## Directions for this task
When the line containing "move=> EE'; rewrite" appears in the data below, begin copying there and stop only after the line containing "move=> lt_mh; rewrite /desc_profile".

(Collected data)

Lemma eigenvalue_colP A a :
  reflect (exists2 v : 'cV_n, A *m v = a *: v & v != 0) (eigenvalue A a).
Proof.
rewrite -eigenvalue_tr; apply: (iffP eigenvalueP) => -[v Av v0]; exists v^T;
  rewrite ?trmx_eq0 //.
- by rewrite -[A]trmxK -trmx_mul Av linearZ.
- by rewrite -trmx_mul Av linearZ.
Qed.

Lemma unitmx_1B A :
  (forall v : 'cV_n, A *m v = v -> v = 0) -> 1%:M - A \in unitmx.
Proof.
move=> Afix; have /negP : ~ eigenvalue A 1.
  by case/eigenvalue_colP => v; rewrite scale1r => /Afix ->; rewrite eqxx.
by rewrite eigenvalue_unitmx negbK -(unitmxZ _ (unitrN1 _)) scaleN1r opprB.
Qed.

End Eigenvalues.

Lemma mul_enum_mx_col (R : pzRingType) (T : finType) (E : T -> T -> R)
    (z : T -> R) :
  (\matrix_(i < #|T|, j < #|T|) E (enum_val i) (enum_val j))
    *m (\col_(i < #|T|) z (enum_val i))
  = \col_(i < #|T|) \sum_t E (enum_val i) t * z t.
Proof.
apply/matrixP => i k; rewrite !mxE (big_enum_val (fun t => E (enum_val i) t * z t)).
by apply: eq_bigr => j _; rewrite !mxE.
Qed.

Lemma col_enum_rank (R : Type) (T : finType) (v : 'cV[R]_#|T|) :
  v = \col_(i < #|T|) v (enum_rank (enum_val i)) 0.
Proof. by apply/matrixP => i k; rewrite mxE enum_valK ord1. Qed.

Section Descendants.
Variables (R : numFieldType) (lL g : R).

(* [desc d a b]: expected number of individuals at generation distance [d]
   below a given infective, in a household with [a] susceptibles and [b]
   infectives; at most [2 a + b] events remain, which is enough fuel. *)
Fixpoint desc_fuel (n d a b : nat) : R :=
  match n with
  | O => 0
  | n'.+1 =>
    if b == 0%N then 0 else
    (a%:R * lL * (d == 1%N)%:R + b%:R * a%:R * lL * desc_fuel n' d a.-1 b.+1
     + a%:R * lL * desc_fuel n' d.-1 a.-1 b.+1
     + b.-1%:R * g * desc_fuel n' d a b.-1)
    / (b%:R * (a%:R * lL + g))
  end.

Definition desc d a b := desc_fuel (2 * a + b) d a b.

Lemma desc_rec d a b : (0 < a)%N -> (0 < b)%N ->
  desc d a b =
  (a%:R * lL * (d == 1%N)%:R + b%:R * a%:R * lL * desc d a.-1 b.+1
   + a%:R * lL * desc d.-1 a.-1 b.+1 + b.-1%:R * g * desc d a b.-1)
  / (b%:R * (a%:R * lL + g)).
Proof.
move=> a_gt0 b_gt0; rewrite /desc.
have -> : (2 * a + b = (2 * a.-1 + b.+1).+1)%N by lia.
have -> : (2 * a + b.-1 = 2 * a.-1 + b.+1)%N by lia.
by rewrite /= -[b == 0%N]negbK -lt0n b_gt0.
Qed.

Lemma desc_fuel_dist0 n a b : desc_fuel n 0 a b = 0.
Proof.
elim: n a b => [//|n IHn] a b /=.
by case: (b == 0%N) => //; rewrite !IHn !mulr0 !addr0 mul0r.
Qed.

Lemma desc_dist0 a b : desc 0 a b = 0.
Proof. exact: desc_fuel_dist0. Qed.

(* Each generation step uses up a susceptible. *)
Lemma desc_fuel_far n d a b : (a < d)%N -> desc_fuel n d a b = 0.
Proof.
elim: n d a b => [//|n IHn] d a b lt_ad /=.
case: (b == 0%N) => //; rewrite [desc_fuel n d a b.-1]IHn //.
case: a lt_ad => [|a] lt_ad; first by rewrite !(mul0r, mulr0, add0r).
have -> : (d == 1%N) = false by apply/negbTE; lia.
by rewrite !IHn; try lia; rewrite !(mulr0, addr0) mul0r.
Qed.

Lemma desc_far d a b : (a < d)%N -> desc d a b = 0.
Proof. exact: desc_fuel_far. Qed.

Lemma desc_sus0 d b : desc d 0 b = 0.
Proof.
case: d => [|d]; first exact: desc_dist0.
exact: desc_far.
Qed.

Hypotheses (lL_gt0 : 0 < lL) (g_gt0 : 0 < g).

Lemma desc_fuel_ge0 n d a b : 0 <= desc_fuel n d a b.
Proof.
elim: n d a b => [//|n IHn] d a b /=.
case: (b == 0%N) => //.
have [lL0 g0] := (ltW lL_gt0, ltW g_gt0).
by apply: divr_ge0; do ?[apply: addr_ge0 | apply: mulr_ge0].
Qed.

Lemma desc_ge0 d a b : 0 <= desc d a b.
Proof. exact: desc_fuel_ge0. Qed.

End Descendants.

Section GeneratingFunction.
Variables (R : numFieldType) (h : nat) (lL g x : R).
Hypotheses (lL_gt0 : 0 < lL) (g_gt0 : 0 < g) (x_neq0 : x != 0).

Definition desc_gf a b := 1 + \sum_(k < h) desc lL g k a b / x ^+ k.

Lemma desc_gf_sus0 b : desc_gf 0 b = 1.
Proof. by rewrite /desc_gf big1 ?addr0 // => k _; rewrite desc_sus0 mul0r. Qed.

Lemma sum_dist1 : (1 < h)%N -> \sum_(k < h) (k == 1%N :> nat)%:R / x ^+ k = x^-1.
Proof.
move=> h_gt1; rewrite (bigD1 (Ordinal h_gt1)) //= mul1r expr1 big1 ?addr0 //.
by move=> k /negbTE; rewrite -val_eqE /= => ->; rewrite mul0r.
Qed.

(* The top term of the right-hand sum vanishes by [desc_far]. *)
Lemma sum_desc_shift a b : (0 < a)%N -> (a < h)%N ->
  \sum_(k < h) desc lL g k.-1 a.-1 b / x ^+ k
  = (\sum_(k < h) desc lL g k a.-1 b / x ^+ k) / x.
Proof.
case: h => [//|n] a_gt0 lt_an.
rewrite big_ord_recl [in RHS]big_ord_recr /= desc_dist0 desc_far; last by lia.
rewrite !mul0r add0r addr0 mulr_suml; apply: eq_bigr => k _.
by rewrite add0n /bump leq0n add1n exprSr invfM mulrA.
Qed.

Lemma desc_gf_rec a b : (0 < a)%N -> (0 < b)%N -> (a < h)%N -> (1 < h)%N ->
  b%:R * (a%:R * lL + g) * desc_gf a b =
  b%:R * a%:R * lL * desc_gf a.-1 b.+1 + b.-1%:R * g * desc_gf a b.-1 + g
  + a%:R * lL * desc_gf a.-1 b.+1 / x.
Proof.
move=> a_gt0 b_gt0 lt_ah h_gt1.
have rate_gt0 : 0 < b%:R * (a%:R * lL + g).
  by rewrite mulr_gt0 ?ltr0n // ltr_wpDl ?mulr_ge0 ?ler0n ?ltW.
have expand k : b%:R * (a%:R * lL + g) * (desc lL g k a b / x ^+ k) =
    a%:R * lL * ((k == 1%N)%:R / x ^+ k)
    + b%:R * a%:R * lL * (desc lL g k a.-1 b.+1 / x ^+ k)
    + a%:R * lL * (desc lL g k.-1 a.-1 b.+1 / x ^+ k)
    + b.-1%:R * g * (desc lL g k a b.-1 / x ^+ k).
  rewrite desc_rec // [_ / _ / _]mulrAC mulrCA divff ?mulr1; last by rewrite gt_eqF.
  by rewrite !mulrDl -!mulrA.
rewrite /desc_gf mulrDr mulr1 mulr_sumr (eq_bigr _ (fun (k : 'I_h) _ => expand k)).
rewrite !big_split /= -!mulr_sumr sum_dist1 // sum_desc_shift //.
have -> : b.-1%:R = b%:R - 1 :> R by rewrite -subn1 natrB.
by field.
Qed.

End GeneratingFunction.

Section GenerationProfiles.
Variables (V : nmodType) (h : nat).
Implicit Type b : nat -> nat.

Lemma sum_incr b m (F : nat -> V) : (m < h)%N ->
  \sum_(j < h) F j *+ incr b m j = \sum_(j < h) F j *+ b j + F m.
Proof.
move=> lt_mh; rewrite (bigD1 (Ordinal lt_mh)) // [in RHS](bigD1 (Ordinal lt_mh)) //=.
rewrite /incr eqxx mulrSr addrAC; congr (_ + _ + _).
by apply: eq_bigr => j /negbTE; rewrite -val_eqE /= => ->.
Qed.

Lemma sum_decr b m (F : nat -> V) : (m < h)%N -> (0 < b m)%N ->
  \sum_(j < h) F j *+ decr b m j + F m = \sum_(j < h) F j *+ b j.
Proof.
move=> lt_mh bm_gt0.
rewrite (bigD1 (Ordinal lt_mh)) // [in RHS](bigD1 (Ordinal lt_mh)) //=.
rewrite /decr eqxx -[in RHS](prednK bm_gt0) mulrSr addrAC; congr (_ + _ + _).
by apply: eq_bigr => j /negbTE; rewrite -val_eqE /= => ->.
Qed.

End GenerationProfiles.

Section Infectives.
Variable h : nat.
Implicit Type b : nat -> nat.

Definition infectives b := (\sum_(j < h) b j)%N.

Lemma infectivesE b : infectives b = \sum_(j < h) 1 *+ b j.
Proof. by apply: eq_bigr => j _; rewrite natn. Qed.

Lemma leq_infectives b (j : 'I_h) : (b j <= infectives b)%N.
Proof. by rewrite /infectives (bigD1 j) //= leq_addr. Qed.

Lemma infectives_eq0 b (j : 'I_h) : infectives b = 0%N -> b j = 0%N.
Proof. by move=> B0; have := leq_infectives b j; rewrite B0 leqn0 => /eqP. Qed.

Lemma infectives_incr b m : (m < h)%N -> infectives (incr b m) = (infectives b).+1.
Proof.
by move=> lt_mh; rewrite !infectivesE (sum_incr b (fun=> 1%R)) // -[(_ + 1)%R]/(_ + 1)%N addn1.
Qed.

Lemma infectives_decr b m : (m < h)%N -> (0 < b m)%N ->
  infectives (decr b m) = (infectives b).-1.
Proof.
move=> lt_mh bm_gt0; rewrite !infectivesE -(sum_decr (fun=> 1%R) lt_mh bm_gt0).
by rewrite -[(_ + 1)%R]/(_ + 1)%N addn1.
Qed.

End Infectives.

Section Generations.
Variables (R : realType) (h : nat) (lL g : R).
Implicit Type b : nat -> nat.

Local Notation desc := (desc lL g).
Local Notation infectives := (infectives h).

Definition first_step (E : nat -> (nat -> nat) -> R) i a b : R :=
  if infectives b == 0%N then 0 else
  let rate := (infectives b)%:R * (a%:R * lL + g) in
  \sum_(j < h) ((b j)%:R * a%:R * lL / rate) *
               ((j.+1 == i)%:R + E a.-1 (incr b j.+1))
  + \sum_(j < h) ((b j)%:R * g / rate) * E a (decr b j).

Lemma EgenS k i a b : Egen h lL g k.+1 i a b = first_step (Egen h lL g k i) i a b.
Proof. by []. Qed.

Lemma first_step_sus0 E i b : (forall b', E 0%N b' = 0) -> first_step E i 0 b = 0.
Proof.
move=> E0; rewrite /first_step; case: eqP => // _.
by rewrite !big1 ?addr0 // => j _; rewrite ?E0 mulr0 ?mul0r.
Qed.

Lemma Egen_sus0 k i b : Egen h lL g k i 0 b = 0.
Proof. by elim: k b => [//|k IHk] b; rewrite EgenS first_step_sus0. Qed.

Definition desc_profile i a b := \sum_(j < h) desc (i - j) a (infectives b) *+ b j.

(* An infective of generation [j] has no descendants beyond generation
   [j + a], so while [j + a < h] the truncation of generations at [h] in
   [Egen] is harmless. *)
Definition gen_bounded a b := forall j, (j < h)%N -> (0 < b j)%N -> (j + a < h)%N.

Lemma gen_bounded_incr a b j : (j < h)%N -> (0 < b j)%N -> gen_bounded a.+1 b ->
  gen_bounded a (incr b j.+1).
Proof.
move=> lt_jh bj_gt0 bb l lt_lh; have := bb j lt_jh bj_gt0.
by rewrite /incr; case: eqP => [-> | _ _ /(bb l lt_lh)]; lia.
Qed.

Lemma gen_bounded_decr a b j : gen_bounded a b -> gen_bounded a (decr b j).
Proof.
move=> bb l lt_lh; rewrite /decr; case: eqP => [_ bl_gt1 | _]; last exact: bb.
by apply: bb => //; lia.
Qed.

Lemma first_step_congr E E' i a b :
  (forall j, (j < h)%N -> (0 < b j)%N ->
     E a.-1 (incr b j.+1) = E' a.-1 (incr b j.+1) /\ E a (decr b j) = E' a (decr b j)) ->
  first_step E i a b = first_step E' i a b.
Proof.
move=> EE'; rewrite /first_step; case: eqP => // _.
congr (_ + _); apply: eq_bigr => j _; case: (posnP (b j)) => [-> | bj_gt0];
  rewrite ?mul0r //; by have [e1 e2] := EE' j (ltn_ord j) bj_gt0; rewrite ?e1 ?e2.
Qed.

Lemma desc_profile_sus0 i b : desc_profile i 0 b = 0.
Proof. by rewrite /desc_profile big1 // => j _; rewrite desc_sus0 mul0rn. Qed.

Lemma desc_profile_incr i a b m : (m < h)%N ->
  desc_profile i a (incr b m)
  = \sum_(l < h) desc (i - l) a (infectives b).+1 *+ b l + desc (i - m) a (infectives b).+1.
Proof.
move=> lt_mh; rewrite /desc_profile infectives_incr //.
exact: (sum_incr b (fun l => desc (i - l) a (infectives b).+1)).
Qed.

Lemma desc_profile_decr i a b m : (m < h)%N -> (0 < b m)%N ->
  desc_profile i a (decr b m)
  = \sum_(l < h) desc (i - l) a (infectives b).-1 *+ b l - desc (i - m) a (infectives b).-1.
Proof.
move=> lt_mh bm_gt0; rewrite /desc_profile infectives_decr //.
by rewrite -(sum_decr (fun l => desc (i - l) a (infectives b).-1) lt_mh bm_gt0) addrK.
Qed.

Lemma desc_profile_rec i a b : (0 < infectives b)%N ->
  let B := infectives b in
  desc_profile i a.+1 b =
  (a.+1%:R * lL * \sum_(j < h) (b j)%:R * ((j.+1 == i)%:R + desc (i - j.+1) a B.+1)
   + B%:R * a.+1%:R * lL * \sum_(j < h) (b j)%:R * desc (i - j) a B.+1
   + B.-1%:R * g * \sum_(j < h) (b j)%:R * desc (i - j) a.+1 B.-1)
  / (B%:R * (a.+1%:R * lL + g)).
Proof.
move=> B_gt0 B; rewrite /desc_profile -/B.
have termE (j : 'I_h) : desc (i - j) a.+1 B *+ b j =
   (a.+1%:R * lL * ((b j)%:R * ((j.+1 == i)%:R + desc (i - j.+1) a B.+1))
    + B%:R * a.+1%:R * lL * ((b j)%:R * desc (i - j) a B.+1)
    + B.-1%:R * g * ((b j)%:R * desc (i - j) a.+1 B.-1)) / (B%:R * (a.+1%:R * lL + g)).
  have dist1 : (i - j == 1)%N = (j.+1 == i) by apply/eqP/eqP; lia.
  by rewrite -[LHS]mulr_natl desc_rec // dist1 -subnS; ring.
by rewrite (eq_bigr _ (fun j _ => termE j)) -mulr_suml !big_split /= -!mulr_sumr.
Qed.

Lemma desc_profile_first_step i a b : gen_bounded a b ->
  first_step (desc_profile i) i a b = desc_profile i a b.
Proof.
case: a => [|a] bb.
  by rewrite first_step_sus0 => [|b']; rewrite desc_profile_sus0.
rewrite /first_step; case: eqP => [B0 | /eqP B_neq0].
  by rewrite /desc_profile big1 // => j _; rewrite (infectives_eq0 j B0).
have B_gt0 : (0 < infectives b)%N by rewrite lt0n.
rewrite desc_profile_rec //; set B := infectives b; set rate := B%:R * _.
set S1 := \sum_(l < h) (b l)%:R * desc (i - l) a B.+1.
set S2 := \sum_(l < h) (b l)%:R * desc (i - l) a.+1 B.-1.
have incrE (j : 'I_h) :
    (b j)%:R * a.+1%:R * lL / rate * ((j.+1 == i)%:R + desc_profile i a (incr b j.+1))
    = (b j)%:R * (a.+1%:R * lL / rate
                  * (((j.+1 == i)%:R + desc (i - j.+1) a B.+1) + S1)).
  case: (posnP (b j)) => [-> | bj_gt0]; first by rewrite !mul0r.
  have lt_j1h : (j.+1 < h)%N by have := bb j (ltn_ord j) bj_gt0; lia.
  rewrite desc_profile_incr // /S1 addrAC addrA !mulrA.
  by under [in RHS]eq_bigr do rewrite mulr_natl.
have decrE (j : 'I_h) :
    (b j)%:R * g / rate * desc_profile i a.+1 (decr b j)
    = (b j)%:R * (g / rate * (- desc (i - j) a.+1 B.-1 + S2)).
  case: (posnP (b j)) => [-> | bj_gt0]; first by rewrite !mul0r.
  rewrite desc_profile_decr // /S2 addrC !mulrA.
  by under [in RHS]eq_bigr do rewrite mulr_natl.
rewrite (eq_bigr _ (fun j _ => incrE j)) (eq_bigr _ (fun j _ => decrE j)).
have sumB : \sum_(j < h) (b j)%:R = B%:R :> R by rewrite natr_sum.
have sumN : \sum_(j < h) (b j)%:R * - desc (i - j) a.+1 B.-1 = - S2.
  by rewrite /S2 -sumrN; apply: eq_bigr => j _; rewrite mulrN.
rewrite !sum_mulr_addr sumB sumN.
have -> : B.-1%:R = B%:R - 1 :> R by rewrite -subn1 natrB.
by ring.
Qed.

## Solution to this problem
move=> EE'; rewrite /first_step; case: eqP => // _.
congr (_ + _); apply: eq_bigr => j _; case: (posnP (b j)) => [-> | bj_gt0];
  rewrite ?mul0r //; by have [e1 e2] := EE' j (ltn_ord j) bj_gt0; rewrite ?e1 ?e2.
Qed.

Lemma desc_profile_sus0 i b : desc_profile i 0 b = 0.
Proof. by rewrite /desc_profile big1 // => j _; rewrite desc_sus0 mul0rn. Qed.

Lemma desc_profile_incr i a b m : (m < h)%N ->
  desc_profile i a (incr b m)
  = \sum_(l < h) desc (i - l) a (infectives b).+1 *+ b l + desc (i - m) a (infectives b).+1.
Proof.
move=> lt_mh; rewrite /desc_profile infectives_incr //.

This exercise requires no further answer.